Start of Block

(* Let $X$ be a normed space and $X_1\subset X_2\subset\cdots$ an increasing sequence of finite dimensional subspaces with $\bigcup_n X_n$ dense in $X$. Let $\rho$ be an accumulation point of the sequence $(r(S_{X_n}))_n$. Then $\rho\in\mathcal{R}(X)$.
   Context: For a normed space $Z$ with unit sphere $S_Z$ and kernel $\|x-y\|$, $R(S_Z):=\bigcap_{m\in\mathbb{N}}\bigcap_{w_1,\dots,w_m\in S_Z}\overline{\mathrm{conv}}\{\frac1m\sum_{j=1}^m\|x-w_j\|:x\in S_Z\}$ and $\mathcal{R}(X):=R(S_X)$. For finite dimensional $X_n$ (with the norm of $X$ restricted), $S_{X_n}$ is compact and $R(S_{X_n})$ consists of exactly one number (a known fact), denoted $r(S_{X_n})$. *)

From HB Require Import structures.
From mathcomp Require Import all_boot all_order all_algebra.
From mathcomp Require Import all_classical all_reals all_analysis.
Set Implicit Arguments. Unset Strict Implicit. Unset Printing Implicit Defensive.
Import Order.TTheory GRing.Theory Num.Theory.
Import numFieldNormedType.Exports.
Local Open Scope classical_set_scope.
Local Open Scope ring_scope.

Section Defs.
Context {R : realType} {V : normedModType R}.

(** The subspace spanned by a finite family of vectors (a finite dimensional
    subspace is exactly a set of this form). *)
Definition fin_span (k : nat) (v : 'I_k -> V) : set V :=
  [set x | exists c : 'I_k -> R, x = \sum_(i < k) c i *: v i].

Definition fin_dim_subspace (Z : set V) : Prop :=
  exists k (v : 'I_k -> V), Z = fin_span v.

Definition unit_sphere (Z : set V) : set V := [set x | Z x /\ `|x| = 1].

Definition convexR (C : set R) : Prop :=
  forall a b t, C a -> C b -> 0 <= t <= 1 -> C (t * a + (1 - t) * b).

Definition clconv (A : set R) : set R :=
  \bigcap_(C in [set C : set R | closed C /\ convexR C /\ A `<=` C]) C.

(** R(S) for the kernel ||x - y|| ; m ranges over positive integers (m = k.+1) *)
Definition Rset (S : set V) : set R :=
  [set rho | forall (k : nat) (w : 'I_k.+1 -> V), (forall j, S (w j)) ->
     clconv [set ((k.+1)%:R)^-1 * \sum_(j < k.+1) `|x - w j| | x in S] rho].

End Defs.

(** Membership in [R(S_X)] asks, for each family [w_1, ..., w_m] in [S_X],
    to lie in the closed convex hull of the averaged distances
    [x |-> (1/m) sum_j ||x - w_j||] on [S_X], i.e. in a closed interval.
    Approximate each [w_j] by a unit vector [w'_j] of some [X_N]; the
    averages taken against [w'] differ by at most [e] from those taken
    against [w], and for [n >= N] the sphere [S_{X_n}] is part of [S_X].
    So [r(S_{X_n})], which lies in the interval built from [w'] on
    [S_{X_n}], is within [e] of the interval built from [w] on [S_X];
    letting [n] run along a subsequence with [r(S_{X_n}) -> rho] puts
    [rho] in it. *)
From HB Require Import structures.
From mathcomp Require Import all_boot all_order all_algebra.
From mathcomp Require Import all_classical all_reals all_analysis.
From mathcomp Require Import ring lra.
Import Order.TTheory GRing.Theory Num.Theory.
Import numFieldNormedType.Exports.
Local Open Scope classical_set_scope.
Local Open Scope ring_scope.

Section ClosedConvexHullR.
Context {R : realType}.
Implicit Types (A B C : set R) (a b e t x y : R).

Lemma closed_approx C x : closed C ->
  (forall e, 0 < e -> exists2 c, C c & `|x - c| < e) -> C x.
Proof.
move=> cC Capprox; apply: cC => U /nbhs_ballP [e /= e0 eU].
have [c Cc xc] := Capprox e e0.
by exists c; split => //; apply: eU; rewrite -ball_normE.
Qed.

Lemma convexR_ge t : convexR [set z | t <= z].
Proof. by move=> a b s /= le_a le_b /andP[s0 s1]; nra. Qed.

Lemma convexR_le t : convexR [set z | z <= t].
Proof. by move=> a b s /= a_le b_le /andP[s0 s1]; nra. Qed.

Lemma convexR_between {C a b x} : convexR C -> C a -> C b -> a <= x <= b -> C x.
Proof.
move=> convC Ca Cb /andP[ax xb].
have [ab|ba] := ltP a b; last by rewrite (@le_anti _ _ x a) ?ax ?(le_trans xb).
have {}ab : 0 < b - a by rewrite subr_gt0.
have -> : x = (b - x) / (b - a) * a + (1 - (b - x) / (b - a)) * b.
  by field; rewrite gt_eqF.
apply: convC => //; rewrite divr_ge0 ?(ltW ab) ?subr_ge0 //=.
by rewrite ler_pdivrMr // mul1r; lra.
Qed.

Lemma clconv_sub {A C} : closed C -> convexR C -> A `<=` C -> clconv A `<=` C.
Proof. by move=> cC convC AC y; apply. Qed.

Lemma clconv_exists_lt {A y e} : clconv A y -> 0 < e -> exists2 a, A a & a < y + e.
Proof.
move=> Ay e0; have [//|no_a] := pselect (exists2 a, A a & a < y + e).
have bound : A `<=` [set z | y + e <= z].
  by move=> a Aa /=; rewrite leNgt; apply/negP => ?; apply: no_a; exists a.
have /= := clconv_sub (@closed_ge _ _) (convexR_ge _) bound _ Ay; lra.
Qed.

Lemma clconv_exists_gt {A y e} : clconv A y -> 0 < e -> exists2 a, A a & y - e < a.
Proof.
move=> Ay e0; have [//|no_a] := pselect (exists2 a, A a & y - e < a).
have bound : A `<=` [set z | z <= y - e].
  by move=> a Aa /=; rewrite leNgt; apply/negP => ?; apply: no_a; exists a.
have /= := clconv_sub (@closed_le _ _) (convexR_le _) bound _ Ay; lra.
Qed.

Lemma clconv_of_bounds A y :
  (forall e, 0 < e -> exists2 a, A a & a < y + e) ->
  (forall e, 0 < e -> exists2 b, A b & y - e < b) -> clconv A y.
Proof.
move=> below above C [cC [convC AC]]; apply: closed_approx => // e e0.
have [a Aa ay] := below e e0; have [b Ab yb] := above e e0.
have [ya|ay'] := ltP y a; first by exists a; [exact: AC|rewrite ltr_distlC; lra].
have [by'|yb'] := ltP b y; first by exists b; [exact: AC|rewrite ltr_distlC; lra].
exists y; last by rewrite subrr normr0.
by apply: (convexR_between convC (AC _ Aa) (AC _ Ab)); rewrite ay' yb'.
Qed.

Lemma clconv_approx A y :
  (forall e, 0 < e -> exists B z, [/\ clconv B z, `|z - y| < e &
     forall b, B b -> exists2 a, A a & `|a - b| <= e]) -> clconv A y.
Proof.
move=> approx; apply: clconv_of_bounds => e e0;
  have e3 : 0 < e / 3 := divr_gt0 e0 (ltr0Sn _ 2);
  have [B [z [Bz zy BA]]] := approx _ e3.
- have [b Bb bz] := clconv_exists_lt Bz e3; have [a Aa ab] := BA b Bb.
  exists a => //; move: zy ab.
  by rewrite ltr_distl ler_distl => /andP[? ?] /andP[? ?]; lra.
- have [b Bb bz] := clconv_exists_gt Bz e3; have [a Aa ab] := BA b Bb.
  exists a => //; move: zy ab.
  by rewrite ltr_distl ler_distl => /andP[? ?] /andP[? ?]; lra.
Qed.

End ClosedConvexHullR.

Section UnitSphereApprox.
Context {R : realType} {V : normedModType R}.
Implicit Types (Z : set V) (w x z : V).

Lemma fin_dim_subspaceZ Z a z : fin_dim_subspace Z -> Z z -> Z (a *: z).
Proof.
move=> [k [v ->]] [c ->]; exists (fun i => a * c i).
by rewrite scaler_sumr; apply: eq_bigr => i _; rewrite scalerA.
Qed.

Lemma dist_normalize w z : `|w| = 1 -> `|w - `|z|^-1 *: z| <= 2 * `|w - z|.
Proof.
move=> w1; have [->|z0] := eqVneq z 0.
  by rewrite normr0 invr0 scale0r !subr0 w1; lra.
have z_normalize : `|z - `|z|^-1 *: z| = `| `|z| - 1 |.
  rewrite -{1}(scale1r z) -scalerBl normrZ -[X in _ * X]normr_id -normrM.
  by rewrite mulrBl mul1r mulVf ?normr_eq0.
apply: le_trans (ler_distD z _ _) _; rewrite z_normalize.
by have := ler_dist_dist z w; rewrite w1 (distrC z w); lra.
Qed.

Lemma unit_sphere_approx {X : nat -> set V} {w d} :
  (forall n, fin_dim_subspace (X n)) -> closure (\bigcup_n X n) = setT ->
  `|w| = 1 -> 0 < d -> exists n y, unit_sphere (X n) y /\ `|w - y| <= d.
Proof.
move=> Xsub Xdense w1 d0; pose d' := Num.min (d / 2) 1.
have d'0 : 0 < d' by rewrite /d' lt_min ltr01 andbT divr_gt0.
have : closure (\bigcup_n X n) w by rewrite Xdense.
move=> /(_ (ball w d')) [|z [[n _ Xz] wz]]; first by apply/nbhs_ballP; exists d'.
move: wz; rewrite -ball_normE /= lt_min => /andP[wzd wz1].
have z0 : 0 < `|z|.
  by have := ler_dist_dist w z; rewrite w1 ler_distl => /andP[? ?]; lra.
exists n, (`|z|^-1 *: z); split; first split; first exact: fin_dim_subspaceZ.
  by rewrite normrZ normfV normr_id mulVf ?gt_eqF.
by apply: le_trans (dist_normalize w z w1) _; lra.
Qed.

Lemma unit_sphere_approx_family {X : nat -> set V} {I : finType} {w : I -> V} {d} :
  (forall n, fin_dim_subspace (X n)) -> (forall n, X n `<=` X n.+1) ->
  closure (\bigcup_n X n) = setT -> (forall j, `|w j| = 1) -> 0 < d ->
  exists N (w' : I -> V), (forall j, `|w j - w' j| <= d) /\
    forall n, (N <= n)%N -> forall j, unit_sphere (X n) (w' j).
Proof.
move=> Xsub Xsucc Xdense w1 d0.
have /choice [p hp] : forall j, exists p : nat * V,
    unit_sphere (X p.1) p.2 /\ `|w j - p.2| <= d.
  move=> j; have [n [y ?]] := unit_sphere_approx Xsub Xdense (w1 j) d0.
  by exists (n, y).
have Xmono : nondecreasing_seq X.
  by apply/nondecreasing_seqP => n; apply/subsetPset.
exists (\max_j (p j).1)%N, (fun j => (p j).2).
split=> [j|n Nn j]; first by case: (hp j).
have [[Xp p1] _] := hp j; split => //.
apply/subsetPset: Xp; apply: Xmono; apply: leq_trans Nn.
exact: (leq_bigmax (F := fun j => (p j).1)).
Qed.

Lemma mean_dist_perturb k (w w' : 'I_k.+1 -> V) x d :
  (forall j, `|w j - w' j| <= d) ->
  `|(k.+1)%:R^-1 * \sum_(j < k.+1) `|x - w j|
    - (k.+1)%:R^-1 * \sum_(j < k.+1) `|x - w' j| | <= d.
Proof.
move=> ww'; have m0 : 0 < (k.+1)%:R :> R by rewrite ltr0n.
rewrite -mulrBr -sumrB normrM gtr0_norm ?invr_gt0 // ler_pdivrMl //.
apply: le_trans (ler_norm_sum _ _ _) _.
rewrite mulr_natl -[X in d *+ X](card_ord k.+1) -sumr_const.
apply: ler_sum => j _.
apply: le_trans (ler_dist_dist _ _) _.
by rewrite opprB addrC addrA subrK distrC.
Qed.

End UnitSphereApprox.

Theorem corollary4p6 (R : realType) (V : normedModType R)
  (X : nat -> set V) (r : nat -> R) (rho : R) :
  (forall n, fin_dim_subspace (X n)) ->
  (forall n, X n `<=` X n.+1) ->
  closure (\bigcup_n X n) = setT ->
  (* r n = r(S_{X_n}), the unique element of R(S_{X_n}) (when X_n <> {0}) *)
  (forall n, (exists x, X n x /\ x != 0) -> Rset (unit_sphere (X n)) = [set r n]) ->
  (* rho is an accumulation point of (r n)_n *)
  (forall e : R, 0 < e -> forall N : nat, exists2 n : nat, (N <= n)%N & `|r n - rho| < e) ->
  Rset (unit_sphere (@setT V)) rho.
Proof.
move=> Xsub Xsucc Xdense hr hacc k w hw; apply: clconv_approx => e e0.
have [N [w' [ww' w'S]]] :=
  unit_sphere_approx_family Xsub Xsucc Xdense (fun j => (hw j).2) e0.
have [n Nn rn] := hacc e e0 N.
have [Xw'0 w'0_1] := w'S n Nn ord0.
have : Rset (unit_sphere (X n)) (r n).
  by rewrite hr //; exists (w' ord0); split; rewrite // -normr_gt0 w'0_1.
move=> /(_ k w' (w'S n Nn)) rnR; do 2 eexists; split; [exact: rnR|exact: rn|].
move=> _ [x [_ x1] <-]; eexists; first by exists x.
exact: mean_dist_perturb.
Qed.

End of Block

WHAT IS REQUIRED: Wherever a line holds the word "interval", copy that line out of the entries above.

ANSWER:
    [x |-> (1/m) sum_j ||x - w_j||] on [S_X], i.e. in a closed interval.
    So [r(S_{X_n})], which lies in the interval built from [w'] on
    [S_{X_n}], is within [e] of the interval built from [w] on [S_X];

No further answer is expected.